Put It There
I’m sure you’ve come across the expression, “a place for everything, and everything in its place.” It makes a lot of sense. It sums up the whole idea of neatness and order. You can’t put things away properly, if you don’t know where they go. And you can’t find anything very easily, unless you know where it’s supposed to be.
But there are levels of orderliness. At first glance, everything may appear shipshape (an expression reflecting the need to be very orderly in a confined space.) But going below the surface may be like opening the proverbial can of worms. And digging deeper still, you may find you’ve opened the legendary Pandora’s Box, which supposedly contained all the evils of the world.
People coming to my headquarters for the first time, often exclaim “How orderly everything looks!” But I know that, if they were to open a single file-cabinet, they would find a disorderly collection of old and new files, each containing a disorderly collection of papers. It all needs to be sorted, and much of it should be thrown away. But who has the time or patience or interest or incentive? It’s much easier (while there is space) to just keep adding new material, than to do anything with all the old accumulated stuff.
I once satirized this craving for at least superficial orderliness: “BEFORE BURNING THESE PAPERS, LET ME MAKE SURE THEY’RE IN ALPHABETICAL ORDER.”
You may think that computers have solved all these problems. And indeed, it is now possible to alphabetize a long list, with breathtaking speed. But no such tricks can cure the disorder of one’s own mind, which is simply reflected in the contents of your computer. Like our old “folders” and “files” whose names they appropriated, computers constitute only a deeper level in the essential disorder of the Universe.
Yet “order” of some kind remains an ideal. Why, for example, do we venerate the concept of “Law and Order”? Because laws by themselves are useless without an orderly framework within which they can operate. “Order in court!” is the stern reminder that the machinery of the Law is unable to function in a milieu of chaos.

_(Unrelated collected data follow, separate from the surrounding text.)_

(* Given n, cut time into blocks: take k ~ n^gamma and m = n %/ k,
   so that m * k <= n.  If C has not been visited by time n, then either the
   induced chain has not entered C within m steps, or one of the first m
   excursions away from G lasts longer than k steps: otherwise T_m <= m k <= n
   and Psi_{T_j} would be in C for some 0 < j <= m.  By (ii) the first event
   has probability at most eta(x) exp(-omega m).  By (i) each excursion is
   longer than k with probability at most xi(x) k^-alpha for j = 0 (as
   Psi_0 = x) and sup_G xi k^-alpha for j > 0 (as Psi_{T_j} is in G).  With
   gamma close to 1, both exp(-omega m) and m k^-alpha are O(n^-(alpha-eps)). *)

From HB Require Import structures.
From mathcomp Require Import all_boot all_order all_algebra.
From mathcomp Require Import all_classical all_reals all_analysis.
From mathcomp Require Import ring lra measurable_realfun.
Set Implicit Arguments. Unset Strict Implicit. Unset Printing Implicit Defensive.
Import Order.TTheory GRing.Theory Num.Theory.
Local Open Scope classical_set_scope.
Local Open Scope ring_scope.
Lemma interlacing_mgcdp_split s t lam :
  interlacing s t -> (1 < size s)%N ->
  let P := \prod_(x <- s) ('X - x%:P) in
  Minp P = \prod_(x <- lam) ('X - x%:P) ->
  exists u w, [/\ mgcdp P P^`() = \prod_(x <- u) ('X - x%:P),
                  perm_eq s (lam ++ u) & perm_eq t (u ++ w)].
Proof.
move=> st s_gt1 P MinpE; have [u [gE cu]] := mgcdp_deriv_prod_XsubC s_gt1.
have [w tw] : exists w, perm_eq t (u ++ w).
  apply: count_mem_leq_perm_cat => a.
  by rewrite cu -subn1 leq_subLR add1n interlacing_count_mem.
exists u, w; split=> //; apply: prod_XsubC_eq.
by rewrite big_cat /= -MinpE -gE Minp_mulK.
Qed.

End MonicGcdDeriv.

Lemma size_shift1 (R : rcfType) (h : {poly R}) : size (shift1 h) = size h.
Proof. by rewrite /shift1 size_comp_poly2 // -polyC1 size_XsubC. Qed.

Section LagrangeMinj.
Variables (R : rcfType) (lam : seq R).

Lemma Minj_rem j : (j < size lam)%N ->
  Minj lam j = \prod_(x <- rem lam`_j lam) ('X - x%:P).
Proof.
move=> jl; have XN0 : 'X - (lam`_j)%:P != 0 by rewrite polyXsubC_eq0.
apply: (mulfI XN0); transitivity (\prod_(x <- lam) ('X - x%:P)).
  by rewrite (big_nth 0) big_mkord (bigD1 (Ordinal jl)).
by rewrite (perm_big _ (perm_to_rem (mem_nth 0 jl))) big_cons.
Qed.

Lemma size_Minj j : (j < size lam)%N -> size (Minj lam j) = size lam.
Proof.
move=> jl; rewrite Minj_rem // size_prod_XsubC size_rem ?mem_nth //.
by rewrite prednK // (leq_ltn_trans _ jl).
Qed.

Hypothesis lam_uniq : uniq lam.

Lemma horner_Minj_neq0 j : (j < size lam)%N -> (Minj lam j).[lam`_j] != 0.
Proof. by move=> jl; rewrite Minj_rem // -rootE root_prod_XsubC mem_rem_uniqF. Qed.

Lemma root_Minj i j : (i < size lam)%N -> (j < size lam)%N -> i != j ->
  root (Minj lam j) lam`_i.
Proof.
move=> il jl ij; rewrite Minj_rem // root_prod_XsubC mem_rem_uniq //.
by rewrite inE nth_uniq // ij mem_nth.
Qed.
Lemma borel_mx11 (a : 'M[F]_1) : borel a <-> a \in unitmx.
Proof. by rewrite borelE mx11_is_trig; split=> [[]|]. Qed.

Lemma borel_dlsubmx n1 n2 (b : 'M[F]_(n1 + n2)) : borel b -> dlsubmx b = 0.
Proof.
case/borelE=> /(ursubmx_trig (leqnn n1)); rewrite -trmx_dlsub => /eqP.
by rewrite trmx_eq0 => /eqP.
Qed.

Lemma borel_ublock n1 n2 (A : 'M[F]_n1) r (B : 'M[F]_n2) :
  borel (block_mx A r 0 B) <-> borel A /\ borel B.
Proof.
rewrite !borelE tr_block_mx is_trig_block_mx // trmx0 eqxx.
rewrite unitmxE det_ublock unitrM -!unitmxE.
by split=> [[/and3P[_ tA tB] /andP[uA uB]] | [[tA uA] [tB uB]]]; rewrite ?tA ?tB ?uA ?uB.
Qed.

Lemma borel_diag n (b : 'M[F]_n) i : borel b -> b i i != 0.
Proof.
case/borelE=> tb; rewrite unitmxE unitfE -det_tr det_trig // => /prodf_neq0.
by move/(_ i isT); rewrite mxE.
Qed.

Lemma borel1 n : borel (1%:M : 'M[F]_n).
Proof. by apply/borelE; rewrite tr_scalar_mx scalar_mx_is_trig unitmx1. Qed.

Lemma borelM n (b c : 'M[F]_n) : borel b -> borel c -> borel (b *m c).
Proof.
case=> tb ub [tc uc]; split; last by rewrite unitmx_mul ub uc.
move=> i j lt_ji; rewrite mxE big1 // => k _.
have [lt_ki | le_ik] := ltnP k i; first by rewrite tb ?mul0r.
by rewrite tc ?mulr0 // (leq_trans lt_ji le_ik).
Qed.

Lemma borelV n (b : 'M[F]_n) : borel b -> borel (invmx b).
Proof.
elim: n b => [|n IH] b bb; first by split; [case | rewrite unitmx_inv; case: bb].
move: b bb; rewrite -[n.+1]/(1 + n) => b bb.
have dl0 := borel_dlsubmx bb; rewrite -[b]submxK dl0 in bb *.
have [/borel_mx11 ua bB] := proj1 (borel_ublock _ _ _) bb.
rewrite invmx_ublock ?bB.2 //; apply/borel_ublock; split; last exact: IH.
by apply/borel_mx11; rewrite unitmx_inv.
Qed.

End Borel.

Section Adjoint.
Variables (F : fieldType) (cj : {rmorphism F -> F}).
Hypothesis cjK : involutive cj.

Definition adj m n (A : 'M[F]_(m, n)) : 'M[F]_(n, m) := (map_mx cj A)^T.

That’s why a book called Robert’s Rules of Order is one of the most revered and frequently consulted publications in America. Other countries and cultures have their own equivalents – but the basic subject is simply how to conduct meetings. Since it stems from practices developed over centuries by the British House of Commons, the generally-applied term is “Parliamentary Procedure.”
Similarly, there are books with the rules of card games and other games, now published under the generic name of Hoyle, in tribute to an 18th Century authority, Edmond Hoyle (just as any modern dictionary can now legally call itself “Webster’s” in recognition of the great American lexicographer, Noah Webster).
Fortunately, or unfortunately, there are no such clear-cut guidelines for human relations in general, no rule-books for the conduct of friendships, much less for “love affairs” – apart from the conversation-stopper that “All’s fair in love and war.”
Speaking of war, there have in fact, in recent centuries, been many serious attempts to regulate the conduct of warfare – although that seems almost a contradiction in terms, since we all know that war is what happens when attempts at order break down.
It is much more pleasant to consider other expressions about orderliness – such as “apple pie order.” How nice to contemplate a well-constructed apple pie. But I’m sorry to tell you that those words probably come from a mis-rendering into English of a French expression meaning “neatly folded linen.”
And what about “getting your ducks in a row?” There are various theories, but the one I like best is the simplest: that a mother duck likes to see her ducklings walking in a straight row behind her.
And finally, sticking with our feathered friends, we have “pecking order,” a term which has been around since some German scientists propounded it in 1927. We all have a general idea that it refers to a hierarchy of status, as observed among chickens, i.e. who can “lawfully” peck whom. What interests me is that the establishment of a pecking order is considered a positive feature (at least among chickens) since it makes for an orderly community.
Now it’s time for you, as an orderly person, to put this article in its place – and I can only hope that, if it’s the wastebasket, you put it in there very neatly.